→ Assigned task: For the records below, print the lines from the line with "gBessel_on S' J" through the line with "is_inner_product ip ->" exactly as written; include both end lines and exclude the rest.

→ Dataset:
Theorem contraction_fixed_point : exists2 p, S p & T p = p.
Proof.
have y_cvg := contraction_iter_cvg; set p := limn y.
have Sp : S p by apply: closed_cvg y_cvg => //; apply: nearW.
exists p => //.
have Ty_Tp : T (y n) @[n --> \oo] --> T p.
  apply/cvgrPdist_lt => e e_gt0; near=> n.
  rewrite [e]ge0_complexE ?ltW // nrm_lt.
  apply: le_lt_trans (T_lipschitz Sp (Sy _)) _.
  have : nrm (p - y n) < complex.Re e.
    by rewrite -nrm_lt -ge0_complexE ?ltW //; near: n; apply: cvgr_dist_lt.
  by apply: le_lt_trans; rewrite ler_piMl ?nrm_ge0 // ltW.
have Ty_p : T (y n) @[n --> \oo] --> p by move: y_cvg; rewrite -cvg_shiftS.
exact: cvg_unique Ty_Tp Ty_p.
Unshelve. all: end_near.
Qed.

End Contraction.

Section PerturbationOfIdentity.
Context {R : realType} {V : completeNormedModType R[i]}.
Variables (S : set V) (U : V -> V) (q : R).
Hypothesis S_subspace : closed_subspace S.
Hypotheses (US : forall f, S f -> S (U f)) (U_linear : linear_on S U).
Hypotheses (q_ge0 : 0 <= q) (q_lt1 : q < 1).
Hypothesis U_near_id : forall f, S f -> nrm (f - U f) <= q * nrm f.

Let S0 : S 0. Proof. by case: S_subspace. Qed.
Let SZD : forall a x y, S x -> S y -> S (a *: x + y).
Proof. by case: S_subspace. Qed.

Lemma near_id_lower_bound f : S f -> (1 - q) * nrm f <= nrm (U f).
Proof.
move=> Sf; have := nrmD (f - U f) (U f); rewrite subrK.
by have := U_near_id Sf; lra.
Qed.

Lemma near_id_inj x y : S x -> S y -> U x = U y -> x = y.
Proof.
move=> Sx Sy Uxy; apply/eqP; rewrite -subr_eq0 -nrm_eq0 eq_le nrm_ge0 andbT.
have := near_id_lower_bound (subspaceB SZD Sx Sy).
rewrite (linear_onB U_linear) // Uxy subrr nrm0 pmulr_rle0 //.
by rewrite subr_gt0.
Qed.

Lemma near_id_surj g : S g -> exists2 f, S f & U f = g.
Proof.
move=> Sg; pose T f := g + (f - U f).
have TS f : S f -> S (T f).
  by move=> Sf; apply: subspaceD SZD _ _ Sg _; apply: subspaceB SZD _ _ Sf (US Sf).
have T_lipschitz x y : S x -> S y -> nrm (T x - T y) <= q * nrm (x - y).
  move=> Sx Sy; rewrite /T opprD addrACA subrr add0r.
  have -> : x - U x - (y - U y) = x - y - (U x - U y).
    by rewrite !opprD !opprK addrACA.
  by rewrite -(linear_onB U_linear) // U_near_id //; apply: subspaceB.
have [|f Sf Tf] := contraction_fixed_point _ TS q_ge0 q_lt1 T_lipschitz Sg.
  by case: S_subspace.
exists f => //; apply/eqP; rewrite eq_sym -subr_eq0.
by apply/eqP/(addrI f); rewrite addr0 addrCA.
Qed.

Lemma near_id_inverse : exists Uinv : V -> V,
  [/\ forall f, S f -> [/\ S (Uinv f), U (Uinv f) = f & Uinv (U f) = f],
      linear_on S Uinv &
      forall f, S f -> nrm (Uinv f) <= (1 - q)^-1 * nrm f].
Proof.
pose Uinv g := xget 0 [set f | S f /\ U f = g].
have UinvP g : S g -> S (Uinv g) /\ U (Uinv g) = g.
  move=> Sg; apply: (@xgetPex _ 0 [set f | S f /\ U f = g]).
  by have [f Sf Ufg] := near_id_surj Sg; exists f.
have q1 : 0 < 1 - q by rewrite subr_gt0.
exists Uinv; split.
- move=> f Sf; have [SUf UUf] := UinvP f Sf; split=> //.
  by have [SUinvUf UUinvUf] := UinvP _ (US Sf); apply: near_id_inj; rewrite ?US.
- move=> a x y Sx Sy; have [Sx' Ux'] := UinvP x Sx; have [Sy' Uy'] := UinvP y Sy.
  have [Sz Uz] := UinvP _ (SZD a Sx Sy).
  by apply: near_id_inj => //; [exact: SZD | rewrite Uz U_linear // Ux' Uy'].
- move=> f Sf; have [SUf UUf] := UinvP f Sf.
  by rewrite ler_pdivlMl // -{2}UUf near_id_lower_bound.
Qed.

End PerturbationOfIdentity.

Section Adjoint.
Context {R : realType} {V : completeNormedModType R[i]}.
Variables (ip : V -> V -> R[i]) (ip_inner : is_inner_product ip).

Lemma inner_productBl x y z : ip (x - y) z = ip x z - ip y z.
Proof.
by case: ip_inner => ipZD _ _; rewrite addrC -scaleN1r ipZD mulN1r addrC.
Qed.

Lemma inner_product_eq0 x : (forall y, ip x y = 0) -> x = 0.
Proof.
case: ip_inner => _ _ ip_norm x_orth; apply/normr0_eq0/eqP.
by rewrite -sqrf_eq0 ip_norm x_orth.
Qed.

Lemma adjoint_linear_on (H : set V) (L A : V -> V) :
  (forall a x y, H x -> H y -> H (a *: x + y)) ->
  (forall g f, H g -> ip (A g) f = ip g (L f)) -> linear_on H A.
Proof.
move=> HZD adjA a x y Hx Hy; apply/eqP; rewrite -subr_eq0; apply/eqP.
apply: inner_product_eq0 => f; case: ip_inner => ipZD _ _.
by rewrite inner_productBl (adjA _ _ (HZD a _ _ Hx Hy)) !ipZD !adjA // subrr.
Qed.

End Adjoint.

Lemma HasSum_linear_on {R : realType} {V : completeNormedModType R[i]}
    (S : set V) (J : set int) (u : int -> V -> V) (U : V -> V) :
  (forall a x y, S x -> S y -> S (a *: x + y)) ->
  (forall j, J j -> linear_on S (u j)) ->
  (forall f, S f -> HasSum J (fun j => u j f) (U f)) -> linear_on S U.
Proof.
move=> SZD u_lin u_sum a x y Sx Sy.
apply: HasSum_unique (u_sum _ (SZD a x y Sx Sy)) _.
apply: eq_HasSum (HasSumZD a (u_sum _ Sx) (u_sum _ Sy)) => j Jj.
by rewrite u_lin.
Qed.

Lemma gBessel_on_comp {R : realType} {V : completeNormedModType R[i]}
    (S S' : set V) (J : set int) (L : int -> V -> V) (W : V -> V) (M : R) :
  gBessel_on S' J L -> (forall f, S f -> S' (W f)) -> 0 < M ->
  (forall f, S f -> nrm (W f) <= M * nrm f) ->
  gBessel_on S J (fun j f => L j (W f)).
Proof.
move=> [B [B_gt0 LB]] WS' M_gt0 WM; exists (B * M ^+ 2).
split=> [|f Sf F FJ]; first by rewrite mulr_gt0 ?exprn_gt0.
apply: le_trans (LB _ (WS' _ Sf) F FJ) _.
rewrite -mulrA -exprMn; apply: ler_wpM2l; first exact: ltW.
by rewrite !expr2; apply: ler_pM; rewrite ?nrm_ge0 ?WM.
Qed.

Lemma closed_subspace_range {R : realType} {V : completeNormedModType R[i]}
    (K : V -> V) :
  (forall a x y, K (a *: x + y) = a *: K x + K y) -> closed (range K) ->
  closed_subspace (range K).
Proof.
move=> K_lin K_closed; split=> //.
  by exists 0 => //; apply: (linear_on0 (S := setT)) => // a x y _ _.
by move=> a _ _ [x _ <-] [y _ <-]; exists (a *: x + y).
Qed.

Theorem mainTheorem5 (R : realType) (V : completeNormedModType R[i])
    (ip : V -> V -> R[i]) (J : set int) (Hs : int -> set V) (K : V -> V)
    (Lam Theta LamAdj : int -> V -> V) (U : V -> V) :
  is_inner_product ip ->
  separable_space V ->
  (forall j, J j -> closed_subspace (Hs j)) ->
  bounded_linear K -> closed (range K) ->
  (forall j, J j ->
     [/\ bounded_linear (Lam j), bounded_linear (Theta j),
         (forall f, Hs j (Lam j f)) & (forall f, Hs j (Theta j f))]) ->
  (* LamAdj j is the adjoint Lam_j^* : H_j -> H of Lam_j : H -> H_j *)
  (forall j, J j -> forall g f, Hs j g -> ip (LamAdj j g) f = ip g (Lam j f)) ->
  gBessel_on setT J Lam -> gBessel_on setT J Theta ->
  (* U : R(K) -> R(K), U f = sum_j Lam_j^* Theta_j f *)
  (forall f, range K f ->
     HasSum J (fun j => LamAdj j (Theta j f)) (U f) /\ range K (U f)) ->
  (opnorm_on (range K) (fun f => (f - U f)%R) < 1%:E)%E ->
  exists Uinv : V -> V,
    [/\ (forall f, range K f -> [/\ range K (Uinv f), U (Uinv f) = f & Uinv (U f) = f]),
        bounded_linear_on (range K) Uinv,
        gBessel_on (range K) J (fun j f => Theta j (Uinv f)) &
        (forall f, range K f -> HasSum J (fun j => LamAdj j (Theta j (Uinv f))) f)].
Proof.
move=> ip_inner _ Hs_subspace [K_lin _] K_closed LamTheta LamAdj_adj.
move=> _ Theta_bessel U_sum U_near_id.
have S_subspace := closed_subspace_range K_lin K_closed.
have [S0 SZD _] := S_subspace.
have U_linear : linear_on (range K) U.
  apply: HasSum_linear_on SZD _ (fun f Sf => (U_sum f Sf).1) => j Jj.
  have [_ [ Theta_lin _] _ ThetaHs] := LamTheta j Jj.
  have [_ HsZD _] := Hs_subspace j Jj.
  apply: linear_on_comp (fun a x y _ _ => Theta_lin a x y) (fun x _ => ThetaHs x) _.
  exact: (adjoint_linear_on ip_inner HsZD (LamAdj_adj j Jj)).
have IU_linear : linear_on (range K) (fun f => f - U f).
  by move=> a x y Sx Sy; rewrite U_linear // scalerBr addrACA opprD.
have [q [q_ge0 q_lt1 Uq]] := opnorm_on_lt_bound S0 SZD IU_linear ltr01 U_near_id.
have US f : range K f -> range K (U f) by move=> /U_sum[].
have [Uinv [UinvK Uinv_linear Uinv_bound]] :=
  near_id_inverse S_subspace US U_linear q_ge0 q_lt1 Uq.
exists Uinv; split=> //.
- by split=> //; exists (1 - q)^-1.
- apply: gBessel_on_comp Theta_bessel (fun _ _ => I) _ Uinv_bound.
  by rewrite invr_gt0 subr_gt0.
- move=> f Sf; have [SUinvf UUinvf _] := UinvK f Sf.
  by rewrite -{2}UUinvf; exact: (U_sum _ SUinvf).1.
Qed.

→ Your response:
  gBessel_on S' J L -> (forall f, S f -> S' (W f)) -> 0 < M ->
  (forall f, S f -> nrm (W f) <= M * nrm f) ->
  gBessel_on S J (fun j f => L j (W f)).
Proof.
move=> [B [B_gt0 LB]] WS' M_gt0 WM; exists (B * M ^+ 2).
split=> [|f Sf F FJ]; first by rewrite mulr_gt0 ?exprn_gt0.
apply: le_trans (LB _ (WS' _ Sf) F FJ) _.
rewrite -mulrA -exprMn; apply: ler_wpM2l; first exact: ltW.
by rewrite !expr2; apply: ler_pM; rewrite ?nrm_ge0 ?WM.
Qed.

Lemma closed_subspace_range {R : realType} {V : completeNormedModType R[i]}
    (K : V -> V) :
  (forall a x y, K (a *: x + y) = a *: K x + K y) -> closed (range K) ->
  closed_subspace (range K).
Proof.
move=> K_lin K_closed; split=> //.
  by exists 0 => //; apply: (linear_on0 (S := setT)) => // a x y _ _.
by move=> a _ _ [x _ <-] [y _ <-]; exists (a *: x + y).
Qed.

Theorem mainTheorem5 (R : realType) (V : completeNormedModType R[i])
    (ip : V -> V -> R[i]) (J : set int) (Hs : int -> set V) (K : V -> V)
    (Lam Theta LamAdj : int -> V -> V) (U : V -> V) :
  is_inner_product ip ->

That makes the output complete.